_TASK STATEMENT_
For every line below that includes the word "PoszD", add one; report the final number and nothing else.

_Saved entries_

Lemma lsum_ext f h l : (forall x, In x l -> f x = h x) -> lsum f l = lsum h l.
Proof.
  induction l as [|x l IH]; simpl; intros E; [lra|].
  rewrite (E x (or_introl eq_refl)), IH; auto.
Qed.

Lemma lsum_le f h l : (forall x, In x l -> f x <= h x) -> lsum f l <= lsum h l.
Proof.
  induction l as [|x l IH]; simpl; intros E; [lra|].
  pose proof (E x (or_introl eq_refl)). pose proof (IH (fun y Hy => E y (or_intror Hy))).
  lra.
Qed.

Lemma lsum_nonneg f l : (forall x, In x l -> 0 <= f x) -> 0 <= lsum f l.
Proof.
  induction l as [|x l IH]; simpl; intros E; [lra|].
  pose proof (E x (or_introl eq_refl)). pose proof (IH (fun y Hy => E y (or_intror Hy))).
  lra.
Qed.

Lemma lsum_plus f h l : lsum (fun x => f x + h x) l = lsum f l + lsum h l.
Proof. induction l as [|x l IH]; simpl; [lra | rewrite IH; lra]. Qed.

Lemma lsum_minus f h l : lsum (fun x => f x - h x) l = lsum f l - lsum h l.
Proof. induction l as [|x l IH]; simpl; [lra | rewrite IH; lra]. Qed.

Lemma lsum_scal c f l : lsum (fun x => c * f x) l = c * lsum f l.
Proof. induction l as [|x l IH]; simpl; [lra | rewrite IH; lra]. Qed.

Lemma lsum_abs f l : Rabs (lsum f l) <= lsum (fun x => Rabs (f x)) l.
Proof.
  induction l as [|x l IH]; simpl; [rewrite Rabs_R0; lra|].
  eapply Rle_trans; [apply Rabs_triang | lra].
Qed.

End ListSums.

Lemma eq_of_dist_lt x y : (forall e, 0 < e -> Rabs (x - y) < e) -> x = y.
Proof.
  intros H. apply NNPP; intros Hxy.
  assert (Hp : 0 < Rabs (x - y)) by (apply Rabs_pos_lt; lra).
  specialize (H _ Hp); lra.
Qed.

Lemma Rabs_le_between x e : Rabs x <= e -> - e <= x <= e.
Proof.
  intros H. pose proof (Rle_abs x). pose proof (Rle_abs (- x)). rewrite Rabs_Ropp in *. lra.
Qed.

Lemma le_of_le_add_eps x y : (forall e, 0 < e -> x <= y + e) -> x <= y.
Proof. intros H. apply Rnot_lt_le; intros Hlt. specialize (H ((x - y) / 2)). lra. Qed.

Lemma div_succ_pos K e : 0 <= K -> 0 < e -> 0 < e / (K + 1).
Proof. intros; apply Rdiv_lt_0_compat; lra. Qed.

Lemma mul_div_succ_lt K e : 0 <= K -> 0 < e -> K * (e / (K + 1)) < e.
Proof.
  intros HK He. apply Rlt_le_trans with ((K + 1) * (e / (K + 1))).
  - apply Rmult_lt_compat_r; [apply div_succ_pos|]; lra.
  - right; field; lra.
Qed.

(** * Tagged divisions *)

Definition increment (P : R -> R) (p : R * R * R) : R :=
  let '(u, v, _) := p in P v - P u.

Definition stieltjes_term (H P : R -> R) (p : R * R * R) : R :=
  let '(u, v, t) := p in H t * (P v - P u).

Lemma st_sum_lsum H P l : st_sum H P l = lsum (stieltjes_term H P) l.
Proof. induction l as [|[[u v] t] l IH]; simpl; [reflexivity | rewrite IH; reflexivity]. Qed.

Lemma chain_le a b l : chain a b l -> a <= b.
Proof.
  revert a; induction l as [|[[u v] t] l IH]; simpl; intros a H; [lra|].
  destruct H as [-> [Huv Hl]]. apply IH in Hl; lra.
Qed.

Lemma chain_in a b l u v t : chain a b l -> In (u, v, t) l -> a <= u /\ u < v /\ v <= b.
Proof.
  revert a; induction l as [|[[u' v'] t'] l IH]; simpl; intros a H Hi; [contradiction|].
  destruct H as [-> [Huv Hl]]. destruct Hi as [Hi|Hi].
  - injection Hi as <- <- <-. apply chain_le in Hl; lra.
  - destruct (IH _ Hl Hi); lra.
Qed.

Lemma chain_app a b c l1 l2 : chain a b l1 -> chain b c l2 -> chain a c (l1 ++ l2).
Proof.
  revert a; induction l1 as [|[[u v] t] l IH]; simpl; intros a H1 H2.
  - subst; auto.
  - destruct H1 as [-> [Huv Hl]]. eauto.
Qed.

Lemma chain_degenerate a l : chain a a l -> l = nil.
Proof.
  destruct l as [|[[u v] t] l]; simpl; auto.
  intros [-> [Huv Hl]]. apply chain_le in Hl; lra.
Qed.

Lemma lsum_increment_chain P a b l : chain a b l -> lsum (increment P) l = P b - P a.
Proof.
  revert a; induction l as [|[[u v] t] l IH]; simpl; intros a H.
  - subst; lra.
  - destruct H as [-> [Huv Hl]]. rewrite (IH _ Hl); lra.
Qed.

Lemma henstock_fine_mono (d1 d2 : R -> R) l :
  (forall x, d1 x <= d2 x) -> henstock_fine d1 l -> henstock_fine d2 l.
Proof.
  intros H Hf u v t Hi. destruct (Hf u v t Hi) as [H1 [H2 H3]]. specialize (H t).
  repeat split; lra.
Qed.
Lemma ps_homog_deriv_t0 d c f : ps_homog d c f -> ps_homog d (c + 2) (ps_deriv (vt 0) f).
Proof.
move=> Hf m Hm; rewrite /ps_deriv mtrimK; set m1 := incr_nth (mtrim m) (vt 0).
have [->|Hf1 _] := eqVneq (f (mtrim m1)) 0; first by rewrite mulr0 eqxx.
have Hdeg : mdeg m1 = mdeg m by rewrite /mdeg mlin_incr_nth mlin_mtrim; exact: addn0.
have Hwt : mwt m1 = mwt m - 2 by rewrite /mwt mlin_incr_nth mlin_mtrim.
by move: (Hf m1); rewrite Hdeg Hwt => /(_ Hm Hf1) <-; rewrite subrK.
Qed.

Lemma ps_homog_iter_deriv_t0 d c f k :
  ps_homog d c f -> ps_homog d (c + 2 * k%:Z) (iter k (ps_deriv (vt 0)) f).
Proof.
move=> Hf; elim: k => [|k IH] /=; first by rewrite mulr0 addr0.
by rewrite intS (_ : _ + _ = c + 2 * k%:Z + 2); [exact: ps_homog_deriv_t0 | ring].
Qed.

Lemma vt_double k : vt k = k.*2.+1.
Proof. by rewrite /vt -muln2 mulnC addn1. Qed.

Lemma vs_double k : vs k = k.*2.+2.
Proof. by rewrite /vs -muln2 mulnC addn2. Qed.

Lemma vt_weight k : (vt k)%:Z - 3 = 2 * k%:Z - 2.
Proof. by rewrite /vt PoszD PoszM; ring. Qed.

Lemma vs_weight k : (vs k)%:Z - 3 = 2 * k%:Z - 1.
Proof. by rewrite /vs PoszD PoszM; ring. Qed.

Lemma var_cases v : v = veps \/ (exists k, v = vt k) \/ (exists k, v = vs k).
Proof.
case: v => [|v]; [by left | right]; rewrite -[v]odd_double_half.
by case: (odd v); [right | left]; exists v./2; rewrite ?vt_double ?vs_double.
Qed.

Lemma jet_vt w r k : jet w r (vt k) = iter k (ps_deriv (vt 0)) w.
Proof. by rewrite /jet vt_double /= odd_double /= half_double. Qed.

Lemma jet_vs w r k : jet w r (vs k) = iter k (ps_deriv (vt 0)) r.
Proof. by rewrite /jet vs_double /= odd_double /= half_double. Qed.

Lemma ps_homog_jet d w r v :
  ps_homog d (-2) w -> ps_homog d (-1) r -> ps_homog d (v%:Z - 3) (jet w r v).
Proof.
move=> Hw Hr; case: (var_cases v) => [->|[[k ->]|[k ->]]]; first exact: ps_homog_var.
- rewrite jet_vt vt_weight (_ : _ - 2 = -2 + 2 * k%:Z); last by ring.
  exact: ps_homog_iter_deriv_t0.
- rewrite jet_vs vs_weight (_ : _ - 1 = -1 + 2 * k%:Z); last by ring.
  exact: ps_homog_iter_deriv_t0.
Qed.

Definition jet_factor (w r : ps) (s : seq nat) (v : nat) (a : ps) : ps :=
  ps_mul a (ps_pow (jet w r v) (nth 0%N s v)).
Lemma G_fixedP u v : u != 0 -> G (u, v) = (u, v) <-> v = u.
Proof.
move=> u0; rewrite /G /=; split=> [[e1 e2] | ->]; last by congr pair; field.
move/(canRL (divfK u0)): e1 => e1; move/(canRL (divfK u0)): e2 => e2.
have : (v - u) * (1 + u) = (- u + v + u * v) - u * u by ring.
rewrite e1 subrr => /eqP; rewrite mulf_eq0 subr_eq0 => /orP[/eqP // | u1].
have um1 : u = -1 by apply/eqP; rewrite -addr_eq0 addrC.
have : 2 * (v - u) = (u ^+ 2 - u + v - u ^+ 2 * v - u * v + u * v ^+ 2 + v ^+ 2)
                     - v * u.
  by rewrite um1; ring.
by rewrite e2 subrr => /eqP; rewrite mulf_eq0 pnatr_eq0 subr_eq0 => /eqP.
Qed.

Lemma exact_period_nondegenerate n u v : (1 < n)%N ->
  exact_period n (u, v) -> u != 0 /\ v != u.
Proof.
move=> n_gt1 [fst0 [_ no_fix]]; have u0 : u != 0 := fst0 0%N (ltnW n_gt1).
split=> //; apply/eqP => vu; apply: (no_fix 1%N n_gt1).
by apply/(G_fixedP v u0).
Qed.

Lemma exact_period5_uv_ofP a b : a != 0 -> b != 0 ->
  exact_period 5 (uv_of a b) <-> P5t a b = 0.
Proof.
move=> a0 b0; have two0 : (2 : CC) != 0 by rewrite pnatr_eq0.
have ba0 : b / a != 0 by rewrite mulf_neq0 ?invr_neq0.
split=> [[fst0 [per _]] | P0].
- have t_neq0 : forall j, (j <= 6)%N -> tseq a b j != 0.
    apply: tseq_neq0_of_iter => // k; rewrite ltnS leq_eqVlt.
    by case/orP=> [/eqP -> | /fst0 //]; rewrite per.
  have per' : uv_of (tseq a b 5) (tseq a b 6) = uv_of a b.
    by rewrite -iter_G_uv_of // => j /leqW; apply: t_neq0.
  have [|t5a t6b] := uv_of_inj _ per'.
    by rewrite mulf_neq0 ?invr_neq0 ?t_neq0.
  by apply/(tseq_period5P two0) => // j /leqW /leqW; apply: t_neq0.
- have t_neq0 := tseq_neq0 a0 b0 P0.
  have iterE k : iter k G (uv_of a b) = uv_of (tseq a b k) (tseq a b k.+1).
    by apply: iter_G_uv_of => j _; apply: t_neq0.
  have [t5a t6b] := (tseq_period5P two0 (fun j _ => t_neq0 j)).2 P0.
  have per : iter 5 G (uv_of a b) = uv_of a b by rewrite iterE t5a t6b.
  split; [move=> k _; rewrite iterE | split=> //].
    by apply: mulf_neq0; [exact: (t_neq0 k.+1) | apply/invr_neq0/(t_neq0 k)].
  apply: (@prime_period _ G _ 5) => //; rewrite /uv_of => /(G_fixedP _ ba0) e.
  apply/(negP a0)/eqP/(mulfI ba0)/(addrI (b / a)).
  by rewrite mulr0 addr0 -{1}[b / a]mulr1 -mulrDr.
Qed.

Lemma P5_P5t u a : P5 u (u * (1 + a)) * a ^+ 5 = u ^+ 3 * P5t a (u * a).
Proof. by rewrite /P5 /P5t; ring. Qed.

Lemma P5_eq0_P5t u v : u != 0 -> v != u ->
  P5 u v = 0 <-> P5t ((v - u) / u) (v - u) = 0.
Proof.
move=> u0 vu; have vu0 : v - u != 0 by rewrite subr_eq0.
have a0 : (v - u) / u != 0 by rewrite mulf_neq0 ?invr_neq0.
have := P5_P5t u ((v - u) / u).
have -> : u * (1 + (v - u) / u) = v by field.
have -> : u * ((v - u) / u) = v - u by field.
move=> E.
split=> P0; apply/eqP; move: E; rewrite P0 ?mul0r ?mulr0 => /eqP.
  by rewrite eq_sym mulf_eq0 expf_eq0 (negbTE u0) andbF.
by rewrite mulf_eq0 expf_eq0 (negbTE a0) andbF orbF.
Qed.

Lemma exact_period5P u v : u != 0 -> v != u ->
  exact_period 5 (u, v) <-> P5 u v = 0.
Proof.
move=> u0 vu; have vu0 : v - u != 0 by rewrite subr_eq0.
have a0 : (v - u) / u != 0 by rewrite mulf_neq0 ?invr_neq0.
by rewrite P5_eq0_P5t // -exact_period5_uv_ofP // uv_of_coords.
Qed.

Lemma P5_exact_period5 u v : exact_period 5 (u, v) -> P5 u v = 0.
Proof.
move=> per; have [u0 vu] := exact_period_nondegenerate (isT : (1 < 5)%N) per.
by apply/exact_period5P.
Qed.

(* P5 over any commutative ring, so that it can be evaluated at polynomials. *)
Definition P5_expr (R : comNzRingType) (u v : R) : R :=
  - 3 * u^+5 * v^+6 + 3 * u^+4 * v^+2 - u^+7 * v^+2 + u * v^+3 - u^+6 * v
  - u^+5 * v + 2 * u^+3 * v - 4 * u^+3 * v^+2 - 2 * u * v^+4 + 2 * u^+4 * v
  + 6 * u^+2 * v^+4 + 2 * u^+7 * v^+3 - u^+7 * v^+4 + u^+4 * v^+7 + v^+5 + v^+7
  + u^+6 * v^+2 + 6 * u^+2 * v^+7 + 2 * v^+6 + 3 * u^+6 * v^+5
  + u^+3 + 4 * u * v^+7 + 4 * u^+3 * v^+7 - 12 * u^+4 * v^+6 + 14 * u^+5 * v^+5
  - 8 * u^+6 * v^+4 - 16 * u^+3 * v^+6 - 5 * u^+5 * v^+3 - 12 * u^+5 * v^+4
  + 5 * u^+6 * v^+3 + 18 * u^+4 * v^+5 + 19 * u^+3 * v^+4 - 6 * u^+2 * v^+6
  + 3 * u * v^+6 + 6 * u^+4 * v^+4 - 16 * u^+4 * v^+3 + 7 * u^+5 * v^+2
  - 4 * u * v^+5 - 12 * u^+2 * v^+5 - 5 * u^+3 * v^+3 - 2 * u^+2 * v^+2
  + 4 * u^+2 * v^+3.
(* For every infinite set $X$ there exists a generic metric space of cardinality $\#X$. Specifically: fix a well-order $\le$ on $X$; let $G_o$ be the oriented graph on $X$ with an edge $(x,y)$ whenever $x<y$; let $H_o$ be obtained by replacing each oriented edge $e=(x,y)$ of $G_o$ with three new vertices $u_e,v_e,w_e$ and the four oriented edges $(x,u_e),(u_e,v_e),(v_e,y),(v_e,w_e)$; let $H=(V_H,E_H)$ be the underlying non-oriented graph. Then $H$ has trivial automorphism group, $\#V_H=\#X$, and for any $\varepsilon\in(0,1)$ the metric on $V_H$ with distance $1$ between distinct adjacent vertices and $1+\varepsilon$ between distinct non-adjacent vertices is a generic metric space with $s(V_H)=1$, $t(V_H)=1-\varepsilon$ and $e(V_H)=\varepsilon$.
   Context: For a metric space $M$ with $\#M\ge3$: $s(M)=\inf\{|xx'|: x\ne x'\}$; $t(M)=\inf\{|xx'|+|x'x''|-|xx''|: x,x',x''\text{ pairwise distinct}\}$; $e(M)=\inf\{\operatorname{dis}f: f\colon M\to M \text{ bijective}, f\ne\mathrm{id}\}$, where $\operatorname{dis}f=\sup_{x,x'}||xx'|-|f(x)f(x')||$. $M$ is called generic if $\#M\ge3$ and $s(M),t(M),e(M)$ are all positive. *)

From HB Require Import structures.
From mathcomp Require Import all_boot all_order all_algebra.
From mathcomp Require Import all_classical all_reals.
From mathcomp Require Import ereal.
Set Implicit Arguments. Unset Strict Implicit. Unset Printing Implicit Defensive.
Import Order.TTheory GRing.Theory Num.Theory.
Local Open Scope ring_scope.
Local Open Scope classical_set_scope.

Definition is_metric (R : realType) (M : Type) (d : M -> M -> R) : Prop :=
  (forall x y, d x y = 0 <-> x = y) /\
  (forall x y, d x y = d y x) /\
  (forall x y z, d x z <= d x y + d y z).
(* Let $0<p<1$. Let $X_1,X_2,\ldots$ be i.i.d. random variables with values in $\{0,1,a\}$ such that $P(X_1=a)=p$ and $P(X_1=0)=P(X_1=1)=\frac{1-p}{2}$. Let $Y_1,Y_2,\ldots$ be i.i.d. Bernoulli random variables with parameter $1/2$ (values in $\{0,1\}$), independent of $(X_i)_{i\in\mathbb{N}}$. Let $L_n$ be the length of a longest common subsequence of $X_1X_2\ldots X_n$ and $Y_1Y_2\ldots Y_n$. Then there exists a constant $k>0$, not depending on $n$, such that for all $n\in\mathbb{N}$, $$\mathrm{Var}[L_n]\geq k\cdot n.$$
   Context: A common subsequence of two finite words is a word that is a subsequence (not necessarily contiguous) of both. *)

From HB Require Import structures.
From mathcomp Require Import all_boot all_order all_algebra.
From mathcomp Require Import reals.
Set Implicit Arguments. Unset Strict Implicit. Unset Printing Implicit Defensive.
Import Order.TTheory GRing.Theory Num.Theory.
Local Open Scope ring_scope.

(* Alphabet {0, 1, a} encoded as 'I_3 : ordinal 0 = letter 0, ordinal 1 =
   letter 1, ordinal 2 = letter a. *)
Definition sym := 'I_3.
Definition sym_a : sym := inord 2.
Definition sym_of_bool (b : bool) : sym := inord (nat_of_bool b).

(* Length of a longest common subsequence of s and t: the maximum length of a
   word u that is a subsequence of both.  Every subsequence of s is
   [mask m s] for some bit mask m of length size s. *)
Definition lcs (s t : seq sym) : nat :=
  \max_(m : (size s).-tuple bool | subseq (mask m s) t) size (mask m s).

Definition word_X n (x : {ffun 'I_n -> sym}) : seq sym := [seq x i | i <- enum 'I_n].
Definition word_Y n (y : {ffun 'I_n -> bool}) : seq sym :=
  [seq sym_of_bool (y i) | i <- enum 'I_n].

Definition omega (n : nat) : finType := ({ffun 'I_n -> sym} * {ffun 'I_n -> bool})%type.

Definition pX {R : realType} (p : R) (c : sym) : R :=
  if c == sym_a then p else (1 - p) / 2.

Definition weight {R : realType} (p : R) (n : nat)
    (w : omega n) : R :=
  (\prod_(i < n) pX p (w.1 i)) * (\prod_(i < n) (1 / 2 : R)).

Definition Ln (n : nat) (w : omega n) : nat :=
  lcs (word_X w.1) (word_Y w.2).

Definition expect {R : realType} (p : R) (n : nat)
    (f : omega n -> R) : R :=
  \sum_w weight p w * f w.

Definition var_Ln {R : realType} (p : R) (n : nat) : R :=
  expect p (fun w : omega n => ((Ln w)%:R - expect p (fun w' : omega n => (Ln w')%:R)) ^+ 2).

From HB Require Import structures.
From mathcomp Require Import all_boot all_order all_algebra.
From mathcomp Require Import reals.
From mathcomp Require Import ring lra.
Set Implicit Arguments. Unset Strict Implicit. Unset Printing Implicit Defensive.

(* Let M be the number of letters of X other than a.  Deleting the a's from X
   leaves, given M = m, a uniform binary word of length m, whose LCS with Y is
   L_n; hence E[L_n | M = m] = f(m), the mean LCS of independent uniform binary
   words of lengths m and n.  Prepending a fair bit to the first word raises f
   by at least (1 - m/n)/2: the bit matches the first letter of Y with
   probability 1/2, and dropping that letter of Y costs at most m/n, because the
   mean LCS of a fixed word b with a uniform word of length t is concave in t
   (a Monge property of LCS) and bounded by |b|.  As M ~ Bin(n, 1 - p), Stein's
   identity gives Cov(L_n, M) = n p (1 - p) E[f(M' + 1) - f(M')] >= n p^2 (1 - p)/2
   with M' ~ Bin(n - 1, 1 - p), while Var M = n p (1 - p).  Finally
   Var L_n >= 2 t Cov(L_n, M) - t^2 Var M, and t = p/2 yields
   Var L_n >= p^3 (1 - p) n / 4. *)

Section LongestCommonSubsequence.
Variable T : eqType.
Implicit Types (x c : T) (s t u A V W Z : seq T).

Definition after x t := drop (index x t).+1 t.

Definition lcs_match x (rec : seq T -> nat) t :=
  if x \in t then (rec (after x t)).+1 else 0.

(* Either the head [x] of [s] is left unmatched, or it is matched with the
   first occurrence of [x] in [t]; matching greedily loses nothing. *)
Fixpoint lcs_rec s t : nat :=
  if s is x :: s' then maxn (lcs_rec s' t) (lcs_match x (lcs_rec s') t) else 0.

Lemma subseq_after x u t : subseq (x :: u) t -> subseq u (after x t).
Proof.
elim: t => [|y t IHt] //=; rewrite /after /= eq_sym.
by case: eqP => [_|_]; [rewrite drop0 | move/IHt].
Qed.

Lemma after_cat x Z W :
  after x (Z ++ W) = if x \in Z then after x Z ++ W else after x W.
Proof.
rewrite /after index_cat; case: ifP => xZ; last first.
  by rewrite -addnS drop_cat ltnNge leq_addr /= addKn.
rewrite drop_cat; case: ltnP => // le_Z.
have {le_Z} eZ : (index x Z).+1 = size Z by apply/eqP; rewrite eqn_leq index_mem xZ.
by rewrite eZ subnn drop0 drop_oversize ?eZ.
Qed.

Lemma lcs_rec_max s t u : subseq u s -> subseq u t -> size u <= lcs_rec s t.
Proof.
elim: s t u => [|x s IHs] t [|z u] //=.
rewrite /lcs_match leq_max; case: (z =P x) => [-> su xut|_ zus zut].
  by rewrite (mem_subseq xut) ?mem_head // ltnS (IHs _ _ su (subseq_after xut)) orbT.
by rewrite (IHs _ (z :: u)).
Qed.

Lemma lcs_recP s t : exists u, [/\ subseq u s, subseq u t & size u = lcs_rec s t].
Proof.
elim: s t => [|x s IHs] t; first by exists [::]; rewrite !sub0seq.
rewrite [lcs_rec _ _]/= /lcs_match; case: (leqP (if x \in t then _ else 0)) => [le_m|].
  have [u [us ut eu]] := IHs t.
  by exists u; rewrite ut eu (subseq_trans us (subseq_cons _ _)).
case: ifPn => // xt lt_m; have [u [us ut eu]] := IHs (after x t).
exists (x :: u); split=> /=; [by rewrite eqxx | | by rewrite eu].
rewrite -(cat_take_drop (index x t) t) (drop_nth x) ?index_mem // nth_index //.
by apply: subseq_trans (suffix_subseq _ _); rewrite /= eqxx.
Qed.

Lemma lcs_rec_size s t : lcs_rec s t <= size s.
Proof. by have [u [us _ <-]] := lcs_recP s t; apply: size_subseq. Qed.

Lemma lcs_rec_subseqr s t1 t2 : subseq t1 t2 -> lcs_rec s t1 <= lcs_rec s t2.
Proof.
by move=> t12; have [u [us ut <-]] := lcs_recP s t1; apply: lcs_rec_max (subseq_trans ut t12).
Qed.

Lemma lcs_rec_consl x s t : lcs_rec s t <= lcs_rec (x :: s) t.
Proof. exact: leq_maxl. Qed.

Lemma lcs_rec_match x s t : lcs_match x (lcs_rec s) t <= lcs_rec (x :: s) t.
Proof. exact: leq_maxr. Qed.

Lemma lcs_rec_cons x s t : (lcs_rec s t).+1 <= lcs_rec (x :: s) (x :: t).
Proof.
by apply: leq_trans (lcs_rec_match _ _ _); rewrite /lcs_match mem_head /after /= eqxx drop0.
Qed.

Lemma lcs_rec_nilr s : lcs_rec s [::] = 0.
Proof. by elim: s => //= x s ->. Qed.

Lemma lcs_rec_filter_notin a s t :
  a \notin t -> lcs_rec [seq x <- s | x != a] t = lcs_rec s t.
Proof.
elim: s t => [|x s IHs] t //= at_; case: (x =P a) => [->|_] /=.
  by rewrite /lcs_match (negbTE at_) maxn0 IHs.
by rewrite /lcs_match !IHs //; apply: contra at_; apply: mem_drop.
Qed.

(* Induction step on [A]: each of the two left-hand terms either skips [x]
   or matches it, and the four combinations are bounded separately. *)
Section MongeStep.
Variables (x : T) (A Z V : seq T) (c : T).
Hypothesis IH : forall Z V c,
  lcs_rec A (Z ++ V ++ [:: c]) + lcs_rec A V <= lcs_rec A (V ++ [:: c]) + lcs_rec A (Z ++ V).

Let m := lcs_match x (lcs_rec A).
Let R1 := lcs_rec (x :: A) (V ++ [:: c]).
Let R2 := lcs_rec (x :: A) (Z ++ V).

Let m_cat_in W1 W2 : x \in W1 -> m (W1 ++ W2) = (lcs_rec A (after x W1 ++ W2)).+1.
Proof. by move=> xW1; rewrite /m /lcs_match mem_cat xW1 after_cat xW1. Qed.

Let m_cat_notin W1 W2 : x \notin W1 -> m (W1 ++ W2) = m W2.
Proof. by move=> /negbTE xW1; rewrite /m /lcs_match mem_cat xW1 after_cat xW1. Qed.

Let IH_after Z' : lcs_rec A (Z' ++ V ++ [:: c]) + lcs_rec A (after x V)
                  <= lcs_rec A (after x V ++ [:: c]) + lcs_rec A (Z' ++ V).
Proof.
have eV : take (index x V).+1 V ++ after x V = V := cat_take_drop _ _.
by have := IH (Z' ++ take (index x V).+1 V) (after x V) c; rewrite -!catA (catA (take _ _)) eV.
Qed.

Let skip_skip : lcs_rec A (Z ++ V ++ [:: c]) + lcs_rec A V <= R1 + R2.
Proof. exact: leq_trans (IH Z V c) (leq_add (lcs_rec_consl _ _ _) (lcs_rec_consl _ _ _)). Qed.

Let skip_match : lcs_rec A (Z ++ V ++ [:: c]) + m V <= R1 + R2.
Proof.
rewrite /m /lcs_match; case: ifPn => xV; last by rewrite addn0 (leq_trans _ skip_skip) ?leq_addr.
rewrite addnS; apply: leq_trans (leq_add (lcs_rec_match x A _) (lcs_rec_consl x A _)).
by rewrite -/(m _) m_cat_in // addSn ltnS IH_after.
Qed.

Let match_skip : m (Z ++ V ++ [:: c]) + lcs_rec A V <= R1 + R2.
Proof.
have leV : lcs_rec A V <= R2.
  exact: leq_trans (lcs_rec_subseqr _ (suffix_subseq Z V)) (lcs_rec_consl _ _ _).
have [xZ|xZ] := boolP (x \in Z).
  rewrite m_cat_in // addSn addnC -addnS.
  apply: leq_trans (leq_add (lcs_rec_consl x A _) (lcs_rec_match x A (Z ++ V))).
  by rewrite -/(m _) m_cat_in // !addnS ltnS addnC IH.
by rewrite m_cat_notin //; apply: leq_add => //; apply: lcs_rec_match.
Qed.

Let match_match : m (Z ++ V ++ [:: c]) + m V <= R1 + R2.
Proof.
rewrite {2}/m /lcs_match; case: ifPn => xV; last first.
  by rewrite addn0 (leq_trans _ match_skip) ?leq_addr.
rewrite -/(m _); have [xZ|xZ] := boolP (x \in Z).
  apply: leq_trans (leq_add (lcs_rec_match x A _) (lcs_rec_match x A (Z ++ V))).
  by rewrite -!/(m _) !m_cat_in // !addSn !addnS !ltnS IH_after.
rewrite m_cat_notin //; apply: leq_add; first exact: lcs_rec_match.
by apply: leq_trans (lcs_rec_match x A (Z ++ V)); rewrite -/(m _) m_cat_notin // /m /lcs_match xV.
Qed.

Lemma lcs_rec_monge_step :
  lcs_rec (x :: A) (Z ++ V ++ [:: c]) + lcs_rec (x :: A) V <= R1 + R2.
Proof.
rewrite [lcs_rec (x :: A) _]/= [lcs_rec (x :: A) V]/= -!/(m _); clearbody R1 R2.
by rewrite addn_maxl !addn_maxr !geq_max skip_skip skip_match match_skip match_match.
Qed.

_SOLUTION TO THE EXERCISE_
2